• _WHAT TO DO_: Transcribe only part of the material below: the lines from the one containing "have n_ndvd_ah : ~~ (n %| a + h)%N." through the one containing "Context: A permutation", inclusive, exactly as written.

• _DATASET RECORDS_:
Lemma sum_sqr (f : F -> algC) : \sum_s f (s * s) = \sum_u (1 + Tp h u) * f u.
Proof.
transitivity (\sum_s \sum_u (u == s * s)%:R * f u).
  by apply: eq_bigr => s _; rewrite sum_indicator.
rewrite exchange_big; apply: eq_bigr => u _; rewrite -mulr_suml; congr (_ * _).
under eq_bigr do rewrite eq_sym.
have [->|u_neq0] := eqVneq u 0; last exact: count_sqrt.
under eq_bigr do rewrite mulf_eq0 orbb -[(_ == 0)%:R]mulr1.
by rewrite sum_indicator mchar_pow_at0 addr0.
Qed.

(* Substituting x = (1 + s) / 2 turns 4 x (1 - x) into 1 - s^2. *)
Lemma jacobi_duplication a : ~~ (n %| a)%N -> Tp a 4 * jacobi a a = jacobi h a.
Proof.
move=> n_ndvd_a; rewrite /jacobi mulr_sumr.
have half_neq0 : (2%:R : F)^-1 != 0 by rewrite invr_eq0 two_neq0.
have affine_inj : injective (fun s : F => (1 + s) / 2%:R).
  by move=> x y /(mulIf half_neq0) /addrI.
rewrite (reindex_inj affine_inj) /=.
have quad s : Tp a 4 * (Tp a ((1 + s) / 2%:R) * Tp a (1 - (1 + s) / 2%:R))
    = Tp a (1 - s * s).
  by rewrite -!mchar_powM; congr (Tp a _); field; exact: two_neq0.
under eq_bigr do rewrite quad.
rewrite (sum_sqr (fun u => Tp a (1 - u))); under [LHS]eq_bigr do rewrite mulrDl mul1r.
rewrite big_split /= (reindex_inj (inv_inj (subKr 1))) /=.
by under eq_bigr do rewrite subKr; rewrite sum_mchar_pow (negbTE n_ndvd_a) add0r.
Qed.

Lemma gauss_duplication a :
  ~~ (n %| a + a)%N -> Tp a 4 * G a * G (a + h) = G h * G (a + a).
Proof.
move=> n_ndvd_2a.
have n_ndvd_a : ~~ (n %| a)%N by apply: contra n_ndvd_2a => n_dvd_a; rewrite dvdn_add.
have n_ndvd_ah : ~~ (n %| a + h)%N.
  apply: contra n_ndvd_2a => n_dvd_ah.
  have : (n %| (a + h) + (a + h))%N by rewrite dvdn_add.
  by rewrite addnACA -n_double dvdn_addl.
apply: (mulfI (gauss_neq0 a)).
transitivity (Tp a 4 * (G a * G a) * G (a + h)); first by ring.
rewrite gauss_mul_jacobi // mulrA jacobi_duplication // jacobiC.
by rewrite mulrAC -gauss_mul_jacobi //; ring.
Qed.
(* For all $n\ge 2$, $|F_n(321,1243)|=n^2-3n+4$.
   Context: A permutation $\pi$ avoids a classical pattern $p\in S_k$ if no subsequence of $\pi$ of length $k$ is order-isomorphic to $p$. A Fishburn permutation is a permutation $\pi=\pi_1\cdots\pi_n$ of $[n]$ for which there are no indices $i<j$ with $\pi_j<\pi_i<\pi_{i+1}$ and $\pi_i=\pi_j+1$. $F_n(\sigma_1,\dots,\sigma_k)$ denotes the set of Fishburn permutations of length $n$ avoiding each of the classical patterns $\sigma_1,\dots,\sigma_k$. *)

From mathcomp Require Import all_boot all_fingroup.
Set Implicit Arguments.
Unset Strict Implicit.
Unset Printing Implicit Defensive.

(* Permutations of [n] are represented as s : 'S_n acting on {0,...,n-1};
   the one-line notation is pi_(i+1) = (s i) + 1, which preserves order. *)

Definition contains_pattern (n : nat) (s : 'S_n) (p : seq nat) : bool :=
  [exists idx : (size p).-tuple 'I_n,
    [forall a : 'I_(size p), forall b : 'I_(size p),
       (a < b) ==> (tnth idx a < tnth idx b)] &&
    [forall a : 'I_(size p), forall b : 'I_(size p),
       (s (tnth idx a) < s (tnth idx b)) == (nth 0 p a < nth 0 p b)]].

Definition avoids (n : nat) (s : 'S_n) (p : seq nat) : bool :=
  ~~ contains_pattern s p.

(* Fishburn: no indices i < j with pi_j < pi_i < pi_{i+1} and pi_i = pi_j + 1.
   (i+1 must be a valid position.) *)
Definition fishburn (n : nat) (s : 'S_n) : bool :=
  ~~ [exists i : 'I_n, exists j : 'I_n, exists i1 : 'I_n,
      [&& i1 == i.+1 :> nat, i < j, s j < s i, s i < s i1
        & (s i : nat) == (s j).+1]].

Definition F_set (n : nat) (pats : seq (seq nat)) : {set 'S_n} :=
  [set s : 'S_n | fishburn s && all (avoids s) pats].

(* Read a permutation as a function f on [0, n).  Avoiding 1243 makes f increasing from any
   position q such that some earlier value is below f q and every later value is above it, and a
   permutation whose values increase from position r on is determined by its values before r.
   Avoidance of 321 and the Fishburn condition then pin down a short prefix: f starts with
   0 y, with 1 0 y, with a 0, with a 0 w, or with a 0 (a+1) ... c followed by the value 1, and
   continues increasingly.  These five families are indexed by disjoint regions of [0, n)^2
   whose total size is n^2 - 3n + 4. *)

From mathcomp Require Import all_boot all_fingroup zify.
Set Implicit Arguments. Unset Strict Implicit. Unset Printing Implicit Defensive.

(* The junk value 0 outside [0, n) is never inspected. *)
Definition oneline n (s : 'S_n) (i : nat) : nat :=
  if insub i is Some j then val (s j) else 0.

Lemma onelineE n (s : 'S_n) (i : 'I_n) : oneline s i = s i.
Proof. by rewrite /oneline valK. Qed.

Lemma oneline_ord n (s : 'S_n) i (lt_i_n : i < n) : oneline s i = s (Ordinal lt_i_n).
Proof. by rewrite -onelineE. Qed.

Definition fishburn_nat n (f : nat -> nat) := forall i j, i.+1 < n -> i < j -> j < n ->
  f j < f i -> f i < f i.+1 -> f i = (f j).+1 -> False.

Definition avoid321_nat n (f : nat -> nat) := forall i j k, i < j -> j < k -> k < n ->
  f k < f j -> f j < f i -> False.

Definition avoid1243_nat n (f : nat -> nat) := forall i j k l, i < j -> j < k -> k < l -> l < n ->
  f i < f j -> f j < f l -> f l < f k -> False.

Lemma fishburnP n (s : 'S_n) : reflect (fishburn_nat n (oneline s)) (fishburn s).
Proof.
apply: (iffP negP) => [fish i j i1_lt_n lt_ij lt_j_n | no_pattern].
  have lt_i_n : i < n by lia.
  rewrite (oneline_ord s lt_i_n) (oneline_ord s lt_j_n) (oneline_ord s i1_lt_n) => *.
  apply: fish; apply/existsP; exists (Ordinal lt_i_n); apply/existsP; exists (Ordinal lt_j_n).
  by apply/existsP; exists (Ordinal i1_lt_n); apply/and5P; split => //; apply/eqP.
move=> /existsP [i /existsP [j /existsP [i1 /and5P [/eqP i1E lt_ij ? ? /eqP ?]]]].
have s_i1 : oneline s i.+1 = s i1 by rewrite -i1E onelineE.
by apply: (no_pattern i j); rewrite ?s_i1 ?onelineE // -i1E.
Qed.

Lemma avoid321P n (s : 'S_n) : reflect (avoid321_nat n (oneline s)) (avoids s [:: 3; 2; 1]).
Proof.
apply: (iffP negP) => [contains i j k lt_ij lt_jk lt_k_n | no_pattern].
  have lt_j_n : j < n by lia. have lt_i_n : i < n by lia.
  rewrite (oneline_ord s lt_i_n) (oneline_ord s lt_j_n) (oneline_ord s lt_k_n) => *.
  apply: contains; apply/existsP; exists [tuple Ordinal lt_i_n; Ordinal lt_j_n; Ordinal lt_k_n].
  apply/andP; split; apply/forallP => -[[|[|[|//]]] ?]; apply/forallP => -[[|[|[|//]]] ?];
    rewrite /tnth //=; apply/eqP; lia.
move=> /existsP [t /andP [/forallP incr /forallP iso]].
have o0 : 0 < 3 by []. have o1 : 1 < 3 by []. have o2 : 2 < 3 by [].
have := implyP (forallP (incr (Ordinal o0)) (Ordinal o1)) isT.
have := implyP (forallP (incr (Ordinal o1)) (Ordinal o2)) isT.
have := eqP (forallP (iso (Ordinal o1)) (Ordinal o0)).
have := eqP (forallP (iso (Ordinal o2)) (Ordinal o1)).
rewrite /= => ? ? ? ?.
by apply: (no_pattern (tnth t (Ordinal o0)) (tnth t (Ordinal o1)) (tnth t (Ordinal o2)));
  rewrite ?onelineE.
Qed.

• _OUTPUT BELOW_:
have n_ndvd_ah : ~~ (n %| a + h)%N.
  apply: contra n_ndvd_2a => n_dvd_ah.
  have : (n %| (a + h) + (a + h))%N by rewrite dvdn_add.
  by rewrite addnACA -n_double dvdn_addl.
apply: (mulfI (gauss_neq0 a)).
transitivity (Tp a 4 * (G a * G a) * G (a + h)); first by ring.
rewrite gauss_mul_jacobi // mulrA jacobi_duplication // jacobiC.
by rewrite mulrAC -gauss_mul_jacobi //; ring.
Qed.
(* For all $n\ge 2$, $|F_n(321,1243)|=n^2-3n+4$.
   Context: A permutation $\pi$ avoids a classical pattern $p\in S_k$ if no subsequence of $\pi$ of length $k$ is order-isomorphic to $p$. A Fishburn permutation is a permutation $\pi=\pi_1\cdots\pi_n$ of $[n]$ for which there are no indices $i<j$ with $\pi_j<\pi_i<\pi_{i+1}$ and $\pi_i=\pi_j+1$. $F_n(\sigma_1,\dots,\sigma_k)$ denotes the set of Fishburn permutations of length $n$ avoiding each of the classical patterns $\sigma_1,\dots,\sigma_k$. *)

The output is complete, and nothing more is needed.